**EXERCISE PROMPT**:
As soon as the line containing "(S \in rhoTSD m sh)." appears in the material below, start returning lines exactly, and end with the line containing "by rewrite /cover_between => <-.".

**DATA FOR REVIEW**:
(* Let $\mathit{VI}$ be a finite set of variables with $\#\mathit{VI}=n$. If $j,k\in\mathbb{N}$ with $1\le j<k\le n$, then $\mathrm{MI}(\mathit{TSD}_k)\cap\mathit{TSD}_j=\mathrm{dAtoms}(\mathit{TSD}_j)$.
   Context: $\mathit{SG}=\wp(\mathit{VI})\setminus\{\emptyset\}$, $\mathit{SH}=\wp(\mathit{SG})$ ordered by inclusion. For $1\le m\le n$, $\rho_{\mathit{TSD}_m}(sh)=\{\,S\in\mathit{SG}\mid \forall T\subseteq S:\ \#T<m\implies S=\bigcup\{U\in sh\mid T\subseteq U\subseteq S\}\,\}$ and $\mathit{TSD}_m=\rho_{\mathit{TSD}_m}(\mathit{SH})$, a complete lattice under inclusion (meet = intersection, top $\mathit{SG}$). $\mathrm{MI}(C)$: meet-irreducible elements of $C$ ($x=y\wedge z\Rightarrow x=y$ or $x=z$); $\mathrm{dAtoms}(C)$: dual-atoms ($x\ne\top$ with $x\le y<\top\Rightarrow x=y$). *)

From mathcomp Require Import all_boot.
Set Implicit Arguments. Unset Strict Implicit. Unset Printing Implicit Defensive.

Section TSD.
Variable VI : finType.

Definition SG : {set {set VI}} := [set S : {set VI} | S != set0].

Definition inSH (sh : {set {set VI}}) : bool := sh \subset SG.

Definition rhoTSD (m : nat) (sh : {set {set VI}}) : {set {set VI}} :=
  [set S in SG | [forall T : {set VI},
     ((T \subset S) && (#|T| < m)) ==>
       (S == \bigcup_(U in sh | (T \subset U) && (U \subset S)) U)]].

Definition TSD (m : nat) : {set {set {set VI}}} :=
  [set sh | inSH sh && [exists sh0, inSH sh0 && (rhoTSD m sh0 == sh)]].

(* Meet-irreducible elements of a family C of sets ordered by inclusion,
   whose meet is intersection and whose top is SG; following the usual
   convention the top element is excluded. *)
Definition MI (C : {set {set {set VI}}}) : {set {set {set VI}}} :=
  [set x in C | (x != SG) &&
     [forall y in C, forall z in C, (x == y :&: z) ==> ((x == y) || (x == z))]].

Definition dAtoms (C : {set {set {set VI}}}) : {set {set {set VI}}} :=
  [set x in C | (x != SG) &&
     [forall y in C, ((x \subset y) && (y != SG)) ==> (x == y)]].
End TSD.

From mathcomp Require Import all_boot.
Set Implicit Arguments. Unset Strict Implicit. Unset Printing Implicit Defensive.

(* rho_TSD_m is a closure operator on SH, so TSD_m consists of the rho_m-closed
   elements of SH; they form a family increasing in m and containing SG.  If x
   is rho_j-closed, j < k and S is any sharing group, then S |: x is
   rho_k-closed: a subset T with #|T| < j of a group outside S |: x can be
   enlarged by one element so as to rule S out of the covering union.  Hence an
   element of TSD_j that is meet-irreducible in TSD_k misses exactly one
   sharing group, since otherwise it is the meet of two strictly larger
   elements.  Conversely, adding to a rho_j-closed x a maximal sharing group
   outside x keeps it rho_j-closed, so a dual atom of TSD_j also misses exactly
   one sharing group.  Finally, an element missing exactly one sharing group
   has no strictly larger element but SG, so it is both meet-irreducible and a
   dual atom in every family of subsets of SG containing it. *)

Section TSDLattice.
Variable VI : finType.
Implicit Types (sh x y : {set {set VI}}) (S T : {set VI}).

Definition cover_between sh T S := \bigcup_(U in sh | (T \subset U) && (U \subset S)) U.

Lemma cover_between_sub sh T S : cover_between sh T S \subset S.
Proof. by apply/bigcupsP => U /andP[_ /andP[_]]. Qed.

Lemma cover_betweenS sh T T' S :
  T \subset T' -> cover_between sh T' S \subset cover_between sh T S.
Proof.
move=> TT'; apply/bigcupsP => U /andP[Ush /andP[T'U US]].
by apply: bigcup_max => //; rewrite Ush US (subset_trans TT' T'U).
Qed.

Lemma cover_between_setU1 sh S1 T S : ~~ ((T \subset S1) && (S1 \subset S)) ->
  cover_between (S1 |: sh) T S = cover_between sh T S.
Proof.
move=> S1out; apply: eq_bigl => U; rewrite in_setU1.
by case: eqP => [->|_]; rewrite ?(negbTE S1out) ?andbF.
Qed.

Lemma rhoTSDP m sh S : reflect
  (S \in SG VI /\ forall T, T \subset S -> #|T| < m -> S \subset cover_between sh T S)
  (S \in rhoTSD m sh).
Proof.
rewrite [X in reflect _ X]inE; apply: (iffP andP) => [[SG_S /forallP coverS]|[SG_S coverS]].
  split=> // T TS Tm; move/implyP: (coverS T); rewrite TS Tm => /(_ isT)/eqP.
  by rewrite /cover_between => <-.
split=> //; apply/forallP => T; apply/implyP => /andP[TS Tm].
by rewrite eqEsubset coverS // cover_between_sub.
Qed.

Lemma rhoTSD_sub m sh : rhoTSD m sh \subset SG VI.
Proof. by apply/subsetP => S /rhoTSDP[]. Qed.

Lemma sub_rhoTSD m sh : sh \subset SG VI -> sh \subset rhoTSD m sh.
Proof.
move=> shSG; apply/subsetP => S Ssh; apply/rhoTSDP; split; first exact: subsetP Ssh.
by move=> T TS _; apply: (bigcup_max S); rewrite ?Ssh ?TS ?subxx.
Qed.

Lemma rhoTSD_idem m sh : rhoTSD m (rhoTSD m sh) = rhoTSD m sh.
Proof.
apply/eqP; rewrite eqEsubset sub_rhoTSD ?rhoTSD_sub // andbT.
apply/subsetP => S /rhoTSDP[SG_S coverS]; apply/rhoTSDP; split=> // T TS Tm.
apply/subsetP => v /(subsetP (coverS T TS Tm)) /bigcupP[U /andP[rhoU /andP[TU US]] vU].
case/rhoTSDP: rhoU => _ coverU.
have /bigcupP[V /andP[Vsh /andP[TV VU]] vV] := subsetP (coverU T TU Tm) v vU.
by apply/bigcupP; exists V; rewrite // Vsh TV (subset_trans VU US).
Qed.

Lemma rhoTSD_leq j k sh : j <= k -> rhoTSD k sh \subset rhoTSD j sh.
Proof.
move=> jk; apply/subsetP => S /rhoTSDP[SG_S coverS]; apply/rhoTSDP.
by split=> // T TS Tj; apply: coverS (leq_trans Tj jk).
Qed.

Lemma TSDP m x : reflect (x \subset SG VI /\ rhoTSD m x \subset x) (x \in TSD VI m).
Proof.
rewrite inE /inSH; apply: (iffP andP) => [[xSG /existsP[sh /andP[_ /eqP <-]]]|[xSG closed]].
  by rewrite rhoTSD_idem rhoTSD_sub.
split=> //; apply/existsP; exists x.
by rewrite xSG eqEsubset closed sub_rhoTSD.
Qed.

Lemma TSD_sub m x : x \in TSD VI m -> x \subset SG VI.
Proof. by case/TSDP. Qed.

Lemma TSD_leq j k x : j <= k -> x \in TSD VI j -> x \in TSD VI k.
Proof.
move=> jk /TSDP[xSG closed]; apply/TSDP; split=> //.
exact: subset_trans (rhoTSD_leq _ jk) closed.
Qed.

Lemma setU1_TSD_of j k x S1 : x \in TSD VI j -> S1 \in SG VI ->
  (forall S, S \notin S1 |: x -> S \in rhoTSD k (S1 |: x) -> S \in rhoTSD j x) ->
  S1 |: x \in TSD VI k.
Proof.
move=> /TSDP[xSG closed] SG_S1 rho_new; apply/TSDP.
rewrite subUset sub1set SG_S1 xSG; split=> //; apply/subsetP => S rhoS.
have [// | S_new] := boolP (S \in S1 |: x).
have Sx := subsetP closed _ (rho_new S S_new rhoS).
by rewrite in_setU1 Sx orbT in S_new.
Qed.

Lemma setU1_TSD j k x S1 : j < k -> x \in TSD VI j -> S1 \in SG VI ->
  S1 |: x \in TSD VI k.
Proof.
move=> jk xj SG_S1; apply: (setU1_TSD_of xj) => // S; rewrite in_setU1 negb_or.
case/andP=> SS1 _ /rhoTSDP[SG_S coverS]; apply/rhoTSDP; split=> // T TS Tj.
have [T' [TT' T'S T'k S1out]] : exists T', [/\ T \subset T', T' \subset S, #|T'| < k
    & ~~ ((T' \subset S1) && (S1 \subset S))].
  have [S_S1 | [a /setDP[aS aS1]]] := set_0Vmem (S :\: S1).
    exists T; split; rewrite ?(ltn_trans Tj jk) //.
    apply: contra SS1 => /andP[_ S1S]; rewrite eqEsubset S1S andbT.
    by rewrite -setD_eq0 S_S1.
  exists (a |: T); split; rewrite ?subsetUr ?subUset ?sub1set ?aS //.
    by rewrite cardsU1 (leq_ltn_trans _ jk) // (leq_trans _ Tj) // -add1n leq_add2r leq_b1.
  by rewrite (negbTE aS1).
apply: subset_trans (cover_betweenS _ _ TT').
by rewrite -(cover_between_setU1 _ S1out) coverS.
Qed.

Lemma setU1_max_TSD m x S1 : x \in TSD VI m -> S1 \in SG VI :\: x ->
  {in SG VI :\: x, forall S, S1 \subset S -> S = S1} -> S1 |: x \in TSD VI m.
Proof.
move=> xm /setDP[SG_S1 _] S1max; apply: (setU1_TSD_of xm) => // S.
rewrite in_setU1 negb_or => /andP[SS1 Sx] /rhoTSDP[SG_S coverS].
apply/rhoTSDP; split=> // T TS Tm; rewrite -(@cover_between_setU1 x S1) ?coverS //.
by apply: contra SS1 => /andP[_ /(S1max S)->] //; rewrite inE Sx.
Qed.

Lemma sub_coatom x y : #|SG VI :\: x| = 1 -> x \subset y -> y \subset SG VI ->
  y = x \/ y = SG VI.
Proof.
move=> /eqP/cards1P[S1 xS1] xy ySG.
have missing S : S \in SG VI -> S \notin x -> S = S1.
  by move=> SG_S Sx; apply/set1P; rewrite -xS1 inE Sx.
have [S1y | S1y] := boolP (S1 \in y).
  right; apply/eqP; rewrite eqEsubset ySG; apply/subsetP => S SG_S.
  by have [/(subsetP xy)|/(missing S SG_S)->] := boolP (S \in x).
left; apply/eqP; rewrite eqEsubset xy andbT; apply/subsetP => S Sy.
by apply/negPn/negP => /(missing S (subsetP ySG S Sy)) eqS; rewrite -eqS Sy in S1y.
Qed.

Lemma coatom_neq x : #|SG VI :\: x| = 1 -> x != SG VI.
Proof. by apply: contra_eqN => /eqP->; rewrite setDv cards0. Qed.

Lemma coatom_MI (C : {set {set {set VI}}}) x : {in C, forall y, y \subset SG VI} ->
  x \in C -> #|SG VI :\: x| = 1 -> x \in MI C.
Proof.
move=> CSG xC x1; have x_neq := coatom_neq x1.
rewrite inE xC x_neq; apply/forall_inP => y yC; apply/forall_inP => z zC.
apply/implyP => /eqP x_yz.
have [xy xz] : x \subset y /\ x \subset z by rewrite x_yz subsetIl subsetIr.
have [-> | ySG] := sub_coatom x1 xy (CSG y yC); first by rewrite eqxx.
have [-> | zSG] := sub_coatom x1 xz (CSG z zC); first by rewrite eqxx orbT.
by rewrite x_yz ySG zSG setIid eqxx in x_neq.
Qed.

Lemma coatom_dAtoms (C : {set {set {set VI}}}) x : {in C, forall y, y \subset SG VI} ->
  x \in C -> #|SG VI :\: x| = 1 -> x \in dAtoms C.
Proof.
move=> CSG xC x1; rewrite inE xC coatom_neq //=; apply/forall_inP => y yC; apply/implyP => /andP[xy y_neq].
have [-> // | ySG] := sub_coatom x1 xy (CSG y yC).
by rewrite ySG eqxx in y_neq.
Qed.

Lemma MI_TSD_coatom j k x : j < k -> x \in TSD VI j -> x \in MI (TSD VI k) ->
  #|SG VI :\: x| = 1.
Proof.
move=> jk xj; rewrite inE => /and3P[_ x_neq /forall_inP xMI].
have x_lt : 0 < #|SG VI :\: x|.
  by rewrite card_gt0; apply: contra x_neq; rewrite setD_eq0 eqEsubset (TSD_sub xj).
apply/eqP; rewrite eqn_leq x_lt andbT leqNgt; apply/negP.
case/card_gt1P => S1 [S2 [/setDP[SG_S1 S1x] /setDP[SG_S2 S2x] S12]].
have x_meet : x = (S1 |: x) :&: (S2 |: x).
  by apply/setP => S; rewrite !inE -orb_andl; case: eqP => [->|]; rewrite ?(negbTE S12).
move/forall_inP: (xMI _ (setU1_TSD jk xj SG_S1)).
move/(_ _ (setU1_TSD jk xj SG_S2)); rewrite -x_meet eqxx => /orP[]/eqP x_eq.
  by rewrite x_eq setU11 in S1x.
by rewrite x_eq setU11 in S2x.
Qed.

Lemma dAtoms_TSD_coatom m x : x \in dAtoms (TSD VI m) -> #|SG VI :\: x| = 1.
Proof.
rewrite inE => /and3P[xm x_neq /forall_inP xdA].
have [S0 S0out] : exists S0, S0 \in SG VI :\: x.
  by apply/set0Pn; apply: contra x_neq; rewrite setD_eq0 eqEsubset (TSD_sub xm).
have [S1 S1out S1max] := arg_maxnP (fun S => #|S|) S0out.
have S1x : S1 \notin x by case/setDP: S1out.
have maximal : {in SG VI :\: x, forall S, S1 \subset S -> S = S1}.
  by move=> S Sout S1S; apply/eqP; rewrite eq_sym eqEcard S1S; apply: S1max.
have x_new : x != S1 |: x by apply: contraNneq S1x => ->; rewrite setU11.
have := xdA _ (setU1_max_TSD xm S1out maximal).
rewrite subsetUr (negbTE x_new) /= implybF negbK => /eqP full.
apply/eqP/cards1P; exists S1; apply/setP => S; rewrite -full !inE.
by case: (S =P S1) => [->|_]; rewrite ?S1x ?andNb.
Qed.

End TSDLattice.

Theorem corollary4p6 (VI : finType) (j k : nat) :
  1 <= j -> j < k -> k <= #|VI| ->
  MI (TSD VI k) :&: TSD VI j = dAtoms (TSD VI j).
Proof.
move=> _ jk _; apply/setP => x; rewrite inE.
have TSD_SG m : {in TSD VI m, forall y : {set {set VI}}, y \subset SG VI}.
  by move=> y /TSD_sub.
apply/andP/idP => [[xMI xj] | xdA].
  exact: coatom_dAtoms (TSD_SG j) xj (MI_TSD_coatom jk xj xMI).
have xj : x \in TSD VI j by case/setIdP: xdA.
by split=> //; apply: coatom_MI (TSD_SG k) (TSD_leq (ltnW jk) xj) (dAtoms_TSD_coatom xdA).
Qed.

**SOLUTION FOR THIS EXERCISE**:
  (S \in rhoTSD m sh).
Proof.
rewrite [X in reflect _ X]inE; apply: (iffP andP) => [[SG_S /forallP coverS]|[SG_S coverS]].
  split=> // T TS Tm; move/implyP: (coverS T); rewrite TS Tm => /(_ isT)/eqP.
  by rewrite /cover_between => <-.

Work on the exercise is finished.